This month we published a thought piece in Business Daily on the potential that digital media as an industry and a career path holds to curb youth joblessness in Kenya and, more broadly, Africa. We propose that the industry hold potential to not only create jobs for youth in today’s economy, but also basic digital media skills give youth the edge in a heavily saturated job market that sees 800,000 new young people reach working age every year. See below an extract from the article, and catch the full article here.
So what solution is there to provide job opportunities to the millions of young people that find themselves without any income? And what of the hundreds of thousands of young people that enter the job market every year (estimated at 800,000 each year)? Even those that have university degrees take an average of five years to secure a job, so what hope is there for the lesser educated?
One of the most promising global industries, and fastest growing job sectors, is digital media.
From graphic designers, to game developers and animators, the demand for content is leading to a corresponding increase in the availability of paid opportunities for skilled young people. Add to this basic coding skills and skills around content creation and editing, and the possibilities are multiplied.
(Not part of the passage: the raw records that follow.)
(* Consider the no-show model with homogeneous costs and the network $(\mathcal G,\mathcal E)$ in the context. For $j\in[N]$, $\rho\ge0$, $\mathbf s\in\mathcal S$ and $p\ge1$, assign to each arc $(k,\ell)\in\mathcal E$ the length $g_{k\ell j}=f_{1j}(1-\bar\lambda_1,y_1)$ if $k=\texttt S$ and $\ell=(\bar\lambda_1,y_1)$; $g_{k\ell j}=f_{ij}(\bar\lambda_{i-1}-\bar\lambda_i+1,y_i)$ if $k=(\bar\lambda_{i-1},y_{i-1})\in\mathcal L(i-1)$ and $\ell=(\bar\lambda_i,y_i)\in\mathcal L(i)$, $i\in[2,n]$; $g_{k\ell j}=0$ if $\ell=\texttt E$. Then $$\omega'_j(\rho,\mathbf s)=\max_{\mathbf z}\sum_{(k,\ell)\in\mathcal E}g_{k\ell j}z_{k\ell}\ \text{ s.t. }\sum_{\ell:(k,\ell)\in\mathcal E}z_{k\ell}-\sum_{\ell:(\ell,k)\in\mathcal E}z_{\ell k}=\begin{cases}1&k=\texttt S\\0&k\ne\texttt S,\texttt E\\-1&k=\texttt E\end{cases}\ \forall k\in\mathcal G,\quad z_{k\ell}\ge0\ \forall(k,\ell)\in\mathcal E,$$ where $\omega'_j(\rho,\mathbf s)=\sup_{\boldsymbol\xi\in\Xi}\{g(\mathbf s,\boldsymbol\xi)-\rho\|\boldsymbol\xi-\widehat{\boldsymbol\xi}^j\|_p^p\}$.
   Context: Notation: $[m]=\{1,\dots,m\}$. $n,N\ge1$, $T>0$, $\mathcal S=\{\mathbf s\in\mathbb R^n:\mathbf s\ge0,\sum_is_i\le T\}$. Homogeneous costs $c_1=\dots=c_n=1$, $d_1=\dots=d_n=d_0\ge0$, overtime $C\ge0$. Bounds $0\le u^L_i<u^U_i<\infty$; integer $K\in[n]$. $\Lambda=\{\boldsymbol\lambda\in\{0,1\}^n:\sum_i(1-\lambda_i)\le K\}$, $\Xi=\{(\boldsymbol\mu,\boldsymbol\lambda)\in\mathbb R^n\times\Lambda:u^L_i\lambda_i\le\mu_i\le u^U_i\lambda_i\}$, data $\widehat{\boldsymbol\xi}^j=(\widehat{\boldsymbol\mu}^j,\widehat{\boldsymbol\lambda}^j)\in\Xi$. $g(\mathbf s,\boldsymbol\xi)$ is the optimal value of $\min_{\mathbf w\in\mathbb R^{n+1},\mathbf v\in\mathbb R^n}\sum_{i}(c_i\lambda_iw_i+d_iv_i)+Cw_{n+1}$ s.t. $w_i-v_{i-1}=\mu_{i-1}+w_{i-1}-s_{i-1}$ ($i=2,\dots,n+1$), $\mathbf w\ge0,w_1=0,\mathbf v\ge0$. For $\lambda_i\in\{0,1\}$, $y_i\in\mathbb R$: $f_{ij}(\lambda_i,y_i)=\sup_{u^L_i\lambda_i\le\mu_i\le u^U_i\lambda_i}\{y_i(\mu_i-s_i)-\rho|\mu_i-\widehat\mu^j_i|^p-\rho|\lambda_i-\widehat\lambda^j_i|^p\}$. Network: $\mathcal Y_i=\{-d_0+m:m=0,\dots,n-i\}\cup\{C+m:m=0,\dots,n-i\}$, layers $\mathcal L(i)=\{(\bar\lambda,y):\bar\lambda\in\{0,\dots,K\},y\in\mathcal Y_i\}$, nodes $\mathcal G=\bigcup_{i=1}^n\mathcal L(i)\cup\{\texttt S,\texttt E\}$. Arcs: from $\texttt S$ to each $(\bar\lambda_1,y_1)\in\mathcal L(1)$ with $\bar\lambda_1\in\{0,1\}$; for $i\in[2,n]$ from $(\bar\lambda_{i-1},y_{i-1})\in\mathcal L(i-1)$ to $(\bar\lambda_i,y_i)\in\mathcal L(i)$ whenever $\bar\lambda_i\in\{\bar\lambda_{i-1},\bar\lambda_{i-1}+1\}$ and $y_{i-1}\in\{-d_0,\ y_i+(\bar\lambda_{i-1}-\bar\lambda_i+1)\}$; and from each node of $\mathcal L(n)$ to $\texttt E$. *)

From HB Require Import structures.
From mathcomp Require Import all_boot all_order all_algebra.
From mathcomp Require Import all_classical all_reals all_analysis.
Set Implicit Arguments. Unset Strict Implicit. Unset Printing Implicit Defensive.
Import Order.TTheory GRing.Theory Num.Theory.
Local Open Scope classical_set_scope.
Local Open Scope ring_scope.

(* Conventions: all vectors are functions nat -> R indexed 1-based, as in the
   paper; only the entries 1..n (resp. 1..n+1 for w) are ever used. *)

Section NoShow.
Variable R : realType.

Definition recourse_obj (n : nat) (c d : nat -> R) (C : R) (lam w v : nat -> R) : R :=
  \sum_(1 <= i < n.+1) (c i * lam i * w i + d i * v i) + C * w n.+1.

Definition recourse_feas (n : nat) (s mu w v : nat -> R) : Prop :=
  (forall i, (2 <= i <= n.+1)%N -> w i - v i.-1 = mu i.-1 + w i.-1 - s i.-1) /\
  (forall i, (1 <= i <= n.+1)%N -> 0 <= w i) /\ w 1%N = 0 /\
  (forall i, (1 <= i <= n)%N -> 0 <= v i).

Definition g_val (n : nat) (c d : nat -> R) (C : R) (s mu lam : nat -> R) : R :=
  inf [set r | exists w v, recourse_feas n s mu w v /\ r = recourse_obj n c d C lam w v].

Definition inXi (n K : nat) (uL uU : nat -> R) (mu lam : nat -> R) : Prop :=
  (forall i, (1 <= i <= n)%N -> lam i = 0 \/ lam i = 1) /\
  \sum_(1 <= i < n.+1) (1 - lam i) <= K%:R /\
  (forall i, (1 <= i <= n)%N -> uL i * lam i <= mu i <= uU i * lam i).

Definition dist_pp (n : nat) (p : R) (mu lam muh lamh : nat -> R) : R :=
  \sum_(1 <= i < n.+1) (`|mu i - muh i| `^ p + `|lam i - lamh i| `^ p).

Definition omega' (n K : nat) (d0 C : R) (uL uU : nat -> R) (p rho : R)
    (s muh lamh : nat -> R) : \bar R :=
  ereal_sup [set x : \bar R | exists mu lam, inXi n K uL uU mu lam /\
     x = (g_val n (fun _ => 1) (fun _ => d0) C s mu lam
          - rho * dist_pp n p mu lam muh lamh)%:E].

Definition f_ij (uL uU : nat -> R) (p rho : R) (s muh lamh : nat -> R)
    (i : nat) (la y : R) : R :=
  sup [set r | exists mu, uL i * la <= mu <= uU i * la /\
     r = y * (mu - s i) - rho * (`|mu - muh i| `^ p) - rho * (`|la - lamh i| `^ p)].

(* Network.  A node is (layer, lambdabar, y): layer 0 is the source S,
   layer n+1 is the sink E, layer i in 1..n is L(i). *)
Definition node := (nat * nat * R)%type.
Definition nodeS : node := (0%N, 0%N, 0).
Definition nodeE (n : nat) : node := (n.+1, 0%N, 0).
Definition layer (k : node) : nat := k.1.1.
Definition lbar (k : node) : nat := k.1.2.
Definition yval (k : node) : R := k.2.

Definition Yset (n : nat) (d0 C : R) (i : nat) : seq R :=
  [seq - d0 + m%:R | m <- iota 0 (n - i).+1] ++ [seq C + m%:R | m <- iota 0 (n - i).+1].

Definition Lset (n K : nat) (d0 C : R) (i : nat) : seq node :=
  [seq ((i, lb), y) | lb <- iota 0 K.+1, y <- Yset n d0 C i].

Definition nodes (n K : nat) (d0 C : R) : seq node :=
  undup (nodeS :: nodeE n :: flatten [seq Lset n K d0 C i | i <- iota 1 n]).

Definition is_arc (n : nat) (d0 : R) (kl : node * node) : bool :=
  let: (k, l) := kl in
  [&& layer k == 0%N, layer l == 1%N & lbar l <= 1]%N
  || [&& layer l == n.+1, layer k == n, lbar l == 0%N & yval l == 0]
  || [&& (2 <= layer l <= n)%N, layer k == (layer l).-1,
         (lbar l == lbar k) || (lbar l == (lbar k).+1) &
         (yval k == - d0) || (yval k == yval l + ((lbar k)%:R - (lbar l)%:R + 1))].

Definition arcs (n K : nat) (d0 C : R) : seq (node * node) :=
  [seq kl <- [seq (k, l) | k <- nodes n K d0 C, l <- nodes n K d0 C] | is_arc n d0 kl].

Definition arc_len (n : nat) (uL uU : nat -> R) (p rho : R) (s muh lamh : nat -> R)
    (kl : node * node) : R :=
  let: (k, l) := kl in
  if layer k == 0%N then f_ij uL uU p rho s muh lamh 1 (1 - (lbar l)%:R) (yval l)
  else if layer l == n.+1 then 0
  else f_ij uL uU p rho s muh lamh (layer l) ((lbar k)%:R - (lbar l)%:R + 1) (yval l).

Definition path_lp (n K : nat) (d0 C : R) (uL uU : nat -> R) (p rho : R)
    (s muh lamh : nat -> R) : \bar R :=
  let A := arcs n K d0 C in
  ereal_sup [set x : \bar R | exists z : node * node -> R,
     (forall kl, kl \in A -> 0 <= z kl) /\
     (forall k, k \in nodes n K d0 C ->
        \sum_(kl <- A | kl.1 == k) z kl - \sum_(kl <- A | kl.2 == k) z kl
        = (if k == nodeS then 1 else if k == nodeE n then -1 else 0)) /\
     x = (\sum_(kl <- A) arc_len n uL uU p rho s muh lamh kl * z kl)%:E].

End NoShow.

(* The recourse value g(s, xi) is a linear program with dual
     max sum_i y_i (mu_i - s_i)  s.t.  y_i >= -d0,  y_n <= C,  y_(i-1) - y_i <= lambda_i.
   The greedy schedule w_(i+1) = (w_i + mu_i - s_i)^+ and the backward dual
   y_i = y_(i+1) + lambda_(i+1) if patient i+1 waits, y_i = -d0 otherwise, close the
   duality gap.  This dual takes its values in Y_i, so with lambdabar_i the number of
   no-shows among the first i patients the nodes (lambdabar_i, y_i) form an S-E path;
   conversely every S-E path encodes a scenario lambda in Lambda with a feasible dual y.
   Maximizing over mu stage by stage turns g(s, xi) - rho ||xi - xihat||_p^p into the
   sum of the f_ij along the path, so omega'_j is the length of a longest S-E path.
   The path LP has the same value: the indicator of a path is a unit flow, and the
   longest-path potentials pi satisfy g_kl <= pi_k - pi_l on every arc carrying flow
   (arcs into nodes that cannot reach E carry none), so any unit flow is worth at
   most pi_S. *)

From HB Require Import structures.
From mathcomp Require Import all_boot all_order all_algebra.
From mathcomp Require Import all_classical all_reals all_analysis.
From mathcomp Require Import zify ring lra.
Import Order.TTheory GRing.Theory Num.Theory.
Local Open Scope classical_set_scope.
Local Open Scope ring_scope.
Set Implicit Arguments. Unset Strict Implicit. Unset Printing Implicit Defensive.

Section BigSeq.
Variables (R : nmodType) (T : eqType).

Lemma big_pred1_seq (r : seq T) (x : T) (F : T -> R) :
  uniq r -> x \in r -> \sum_(y <- r | y == x) F y = F x.
Proof. by move=> ur xr; rewrite -big_filter filter_pred1_uniq // big_seq1. Qed.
As Kenya, and Africa as a whole, become more prosperous, and there is greater demand for cultural products and digital content for both education and entertainment from a growing literate population, the industry grows.
The global digital media industry is expected to grow by 12.6 percent in 2020, and is poised for similar growth spurts in the years to come.
One solution is therefore to equip young Kenyan men and women with digital media skills. In this way they can pursue some of the livelihoods opportunities that this sector has to offer.
These skills are not standalone skills; more and more, every young professional is expected to have a basic grasp of digital skills, and those that do have such skills have the edge on the job market over those that don’t, even for jobs that are not specifically in that sector.
If left to choose between a receptionist that just has receptionist skills (admin, customer service, etc), or one that has receptionist skills and can also format and design documents and marketing materials, or upload content to a website, the choice is relatively straightforward.
We need to give young people access to both skills and to equipment, from a young age. Particularly in rural areas, children are woefully underserved when it comes to having access to computers, smartphones or tablets, and they are therefore at a distinct disadvantage in later life.